[Problem details]
Using the data beneath this instruction, retype only the lines from the one that contains "exact: bounded_seq_norm (sdomB" down to the one that contains "rewrite /blowup_inv; set", both included, exactly as they appear.

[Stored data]
Let s_cvg0 : s @ \oo --> 0.
Proof. by rewrite -sqrtr0; apply: (cvg_comp _ _ eps_cvg0); exact: sqrt_continuous. Qed.

Let eps_div_s n : (s n)^-1 * eps n = s n.
Proof. by rewrite -[eps n](@sqr_sqrtr _ (eps n)) ?ltW // expr2 mulKf ?gt_eqF. Qed.

Let psi n : Y n -> X n := proj1_sig (cid (approx_isometry_preimage (phi_approx n))).
Let psiP n (w : Y n) : `|w| <= 1 -> `|psi n w| <= 1 /\ `|phi n (psi n w) - w| <= eps n :=
  proj2_sig (cid (approx_isometry_preimage (phi_approx n))) w.

(* The junk value 0 is taken only for finitely many [n] when [x] is bounded. *)
Definition blowup (x : DX) : DY := fun n =>
  if `|s n *: x n| <= 1 then (s n)^-1 *: (phi n (s n *: x n) - phi n 0) else 0.

Definition blowup_inv (y : DY) : DX := fun n =>
  let w := s n *: y n + phi n 0 in if `|w| <= 1 then (s n)^-1 *: psi n w else 0.

Lemma blowup0 : blowup 0 = 0.
Proof.
apply: functional_extensionality_dep => n.
by rewrite /blowup dprodE scaler0 normr0 ler01 subrr scaler0.
Qed.

Lemma blowup_dist n x y : `|s n *: x n| <= 1 -> `|s n *: y n| <= 1 ->
  `| `|blowup x n - blowup y n| - `|x n - y n| | <= s n.
Proof.
move=> x1 y1; rewrite /blowup x1 y1 -scalerBr opprB addrA subrK.
have xy : `|x n - y n| = (s n)^-1 * `|s n *: x n - s n *: y n|.
  by rewrite -scalerBr normrZ gtr0_norm // mulKf // lt0r_neq0.
rewrite xy normrZ gtr0_norm ?invr_gt0 // -mulrBr normrM gtr0_norm ?invr_gt0 //.
rewrite -[X in _ <= X]eps_div_s; apply: ler_wpM2l; first by rewrite invr_ge0 ltW.
by case: (phi_approx n) => phi_dist _; exact: phi_dist.
Qed.

Lemma near_scaled_ball (x : DX) : linfty_bounded x ->
  \forall n \near \oo, `|s n *: x n| <= 1.
Proof.
move=> [M xM]; have sM0 : (fun n => s n * M) @ \oo --> 0.
  by rewrite -(mul0r M); exact: cvgM s_cvg0 (cvg_cst M).
near=> n; rewrite normrZ gtr0_norm //.
apply: le_trans (ler_wpM2l (ltW (s_gt0 n)) (xM n)) _.
by apply: le_trans (ler_norm _) _; near: n; exact: cvgr0_norm_le sM0 _ ltr01.
Unshelve. all: by end_near. Qed.

Lemma blowup_bounded (x : DX) : linfty_bounded x -> linfty_bounded (blowup x).
Proof.
move=> [M xM]; have [K sK] := bounded_seq_cvg s_cvg0.
have M_ge0 : 0 <= M := le_trans (normr_ge0 _) (xM 0%N).
have K_ge0 : 0 <= K := le_trans (normr_ge0 _) (sK 0%N).
exists (M + K) => n; have [x1|x1] := boolP (`|s n *: x n| <= 1); last first.
  by rewrite /blowup (negbTE x1) normr0 addr_ge0.
have h0 : `|s n *: (0 : DX) n| <= 1 by rewrite dprodE scaler0 normr0.
have := blowup_dist n x (0 : DX) x1 h0; rewrite blowup0 !dprodE !subr0 ler_norml => /andP[_].
by have := xM n; have := sK n; have := ler_norm (s n); lra.
Qed.

Lemma blowup_isometry : sisometry SX SY blowup.
Proof.
split=> [|x y bx bY]; first exact: blowup_bounded.
apply: (eq_ulim_near U_ultra U_nonprincipal _ s_cvg0).
  exact: bounded_seq_norm (sdomB (S := SX) bx bY).
near=> n; rewrite !dprodE; apply: blowup_dist.
  by near: n; exact: near_scaled_ball.
by near: n; exact: near_scaled_ball.
Unshelve. all: by end_near. Qed.

Lemma blowup_inv_le n (y : DY) : `|blowup_inv y n| <= `|y n| + 2 * s n.
Proof.
rewrite /blowup_inv; set w := s n *: y n + phi n 0.
have [w1|_] := boolP (`|w| <= 1); last first.
  by rewrite normr0 addr_ge0 // mulr_ge0 // ltW.
have [psi1 phipsi] := psiP n w w1; have [phi_dist _] := phi_approx n.
have B0 : `|0 : X n| <= 1 by rewrite normr0.
have := phi_dist _ _ psi1 B0; rewrite subr0 ler_norml => /andP[psi_le _].
have := ler_normD (phi n (psi n w) - w) (w - phi n 0).
rewrite addrA subrK addrK normrZ gtr0_norm // => phi_le.
have psi_le' : `|psi n w| <= 2 * eps n + s n * `|y n| by lra.
rewrite normrZ gtr0_norm ?invr_gt0 //.
have si_ge0 : 0 <= (s n)^-1 by rewrite invr_ge0 ltW.
apply: le_trans (ler_wpM2l si_ge0 psi_le') _.
by rewrite mulrDr mulrCA eps_div_s mulrA mulVf ?mul1r ?lt0r_neq0 //; lra.
Qed.

Lemma blowup_inv_bounded (y : DY) : linfty_bounded y -> linfty_bounded (blowup_inv y).
Proof.
move=> [M yM]; have [K sK] := bounded_seq_cvg s_cvg0.
exists (M + 2 * K) => n; apply: le_trans (blowup_inv_le n y) _.
by have := yM n; have := sK n; have := ler_norm (s n); lra.
Qed.

Lemma blowupK_near (y : DY) : linfty_bounded y ->
  \forall n \near \oo, `|blowup (blowup_inv y) n - y n| <= s n.
Proof.
move=> [M yM].
have w0 : (fun n => s n * M + 2 * eps n) @ \oo --> 0.
  rewrite -(addr0 0) -{1}(mul0r M) -[X in _ + X](mulr0 (2 : R)).
  exact: cvgD (cvgM s_cvg0 (cvg_cst M)) (cvgM (cvg_cst (2 : R)) eps_cvg0).
near=> n; set w := s n *: y n + phi n 0.
have w1 : `|w| <= 1.
  apply: le_trans (ler_normD _ _) _; rewrite normrZ gtr0_norm //.
  have := approx_isometry_near0 (phi_approx n).
  have := ler_wpM2l (ltW (s_gt0 n)) (yM n).
  have : s n * M + 2 * eps n <= 1.
    by apply: le_trans (ler_norm _) _; near: n; exact: cvgr0_norm_le w0 _ ltr01.
  lra.
have [psi1 phipsi] := psiP n w w1.
have s_inv : s n *: blowup_inv y n = psi n w.
  by rewrite /blowup_inv -/w w1 scalerA mulfV ?scale1r ?lt0r_neq0.
rewrite /blowup s_inv psi1.
have -> : (s n)^-1 *: (phi n (psi n w) - phi n 0) - y n = (s n)^-1 *: (phi n (psi n w) - w).
  by rewrite {2}/w opprD addrA addrAC !scalerBr scalerA mulVf ?lt0r_neq0 // scale1r.
rewrite normrZ gtr0_norm ?invr_gt0 // -[X in _ <= X]eps_div_s.
by apply: ler_wpM2l; first by rewrite invr_ge0 ltW.
Unshelve. all: by end_near. Qed.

[Written response]
  exact: bounded_seq_norm (sdomB (S := SX) bx bY).
near=> n; rewrite !dprodE; apply: blowup_dist.
  by near: n; exact: near_scaled_ball.
by near: n; exact: near_scaled_ball.
Unshelve. all: by end_near. Qed.

Lemma blowup_inv_le n (y : DY) : `|blowup_inv y n| <= `|y n| + 2 * s n.
Proof.
rewrite /blowup_inv; set w := s n *: y n + phi n 0.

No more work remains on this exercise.